> [What the exercise asks]:
Starting at the line that contains "Definition reidemeister_finite (k" and ending at the line that contains "is constant on", the lines below are to be given again exactly, with nothing added.

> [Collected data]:
_ _ _
(* Let $k\ge 1$ be an integer and let $\Gamma=\mathbb{Z}_2\,\mathrm{wr}\,\mathbb{Z}^k$ be the restricted wreath product. Then $\Gamma$ has the property $R_\infty$: for every automorphism $\phi:\Gamma\to\Gamma$ the Reidemeister number $R(\phi)$ is infinite.
   Context: For an automorphism $\phi$ of a group $G$, the Reidemeister (twisted conjugacy) classes are the equivalence classes of the relation $g\sim hg\phi(h^{-1})$, $h,g\in G$; $R(\phi)$ denotes the number of these classes. A group has property $R_\infty$ if $R(\phi)=\infty$ for every automorphism $\phi$. The restricted wreath product $\mathbb{Z}_p\,\mathrm{wr}\,\mathbb{Z}^k$ is the semidirect product $\left(\bigoplus_{x\in\mathbb{Z}^k}(\mathbb{Z}_p)_{(x)}\right)\rtimes_\alpha\mathbb{Z}^k$, where each $(\mathbb{Z}_p)_{(x)}\cong\mathbb{Z}_p$ is generated by an element $\delta_x$, the direct sum consists of finitely supported elements, and $\alpha(y)(\delta_x)=\delta_{y+x}$ for $y\in\mathbb{Z}^k$. *)

From HB Require Import structures.
From mathcomp Require Import all_boot all_order all_algebra.
From mathcomp Require Import finmap.
Set Implicit Arguments. Unset Strict Implicit. Unset Printing Implicit Defensive.
Import GRing.Theory.
Local Open Scope ring_scope.
Local Open Scope fset_scope.

Definition Zk (k : nat) := 'rV[int]_k.

(* The direct sum  (+)_{x in Z^k} Z_2  is identified with the group of finite
   subsets of Z^k under symmetric difference: an element sum_{x in A} delta_x
   (each coefficient in Z_2 = {0,1}) corresponds to its support A. *)
Definition base (k : nat) := {fset Zk k}.

Definition symdiff (k : nat) (A B : base k) : base k := (A `\` B) `|` (B `\` A).

Definition shift (k : nat) (y : Zk k) (A : base k) : base k := [fset (y + x)%R | x in A].

Definition wr2 (k : nat) := (base k * Zk k)%type.

Definition wr_mul (k : nat) (g h : wr2 k) : wr2 k :=
  (symdiff g.1 (shift g.2 h.1), (g.2 + h.2)%R).
Definition wr_one (k : nat) : wr2 k := (fset0, 0%R).
Definition wr_inv (k : nat) (g : wr2 k) : wr2 k := (shift (- g.2)%R g.1, (- g.2)%R).

Definition wr_automorphism (k : nat) (phi : wr2 k -> wr2 k) : Prop :=
  bijective phi /\ forall g h, phi (wr_mul g h) = wr_mul (phi g) (phi h).

Definition reidemeister_rel (k : nat) (phi : wr2 k -> wr2 k) (g g' : wr2 k) : Prop :=
  exists h, g' = wr_mul (wr_mul h g) (phi (wr_inv h)).

Definition reidemeister_finite (k : nat) (phi : wr2 k -> wr2 k) : Prop :=
  exists s : seq (wr2 k), forall g, exists2 x, x \in s & reidemeister_rel phi x g.

Definition reidemeister_infinite (k : nat) (phi : wr2 k -> wr2 k) : Prop :=
  ~ reidemeister_finite phi.

(* The lamp configurations (A, 0) are exactly the elements g with g * g = 1,
   so an automorphism phi preserves them and induces an automorphism of Z^k,
   given by an integer matrix M; twisted conjugation by h then adds
   h.2 *m (1 - M) to the Z^k-coordinate.

   If det (1 - M) = 0, a rational linear form vanishing on the image of 1 - M
   is constant on Reidemeister classes and separates the elements (fset0, n e_j).

   Otherwise phi sends the lamp at x to the configuration Q translated by x M.
   As phi is onto, Q is a unit of the group ring F_2[Z^k] twisted by M, hence
   (ordering Z^k lexicographically) a single lamp z: phi permutes the lamps by
   sigma x = x M + z.  Lamp configurations b, b' can only be twisted conjugate
   through a lamp configuration C, and then b' = b + C + sigma(C); so for every
   sigma-invariant set S the parity of |b /\ S| is a class invariant.  The sets
   {x | N divides x - sigma x} provide such invariants, and they separate
   infinitely many single lamps. *)

From HB Require Import structures.
From mathcomp Require Import all_boot all_order all_algebra.
From mathcomp Require Import finmap zify.
From Stdlib Require Import ClassicalEpsilon.
Set Implicit Arguments. Unset Strict Implicit. Unset Printing Implicit Defensive.
Import Order.TTheory GRing.Theory Num.Theory.
Local Open Scope fset_scope.
Local Open Scope ring_scope.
_ _ _
> [Your solution]:
Definition reidemeister_finite (k : nat) (phi : wr2 k -> wr2 k) : Prop :=
  exists s : seq (wr2 k), forall g, exists2 x, x \in s & reidemeister_rel phi x g.

Definition reidemeister_infinite (k : nat) (phi : wr2 k -> wr2 k) : Prop :=
  ~ reidemeister_finite phi.

(* The lamp configurations (A, 0) are exactly the elements g with g * g = 1,
   so an automorphism phi preserves them and induces an automorphism of Z^k,
   given by an integer matrix M; twisted conjugation by h then adds
   h.2 *m (1 - M) to the Z^k-coordinate.

   If det (1 - M) = 0, a rational linear form vanishing on the image of 1 - M
   is constant on Reidemeister classes and separates the elements (fset0, n e_j).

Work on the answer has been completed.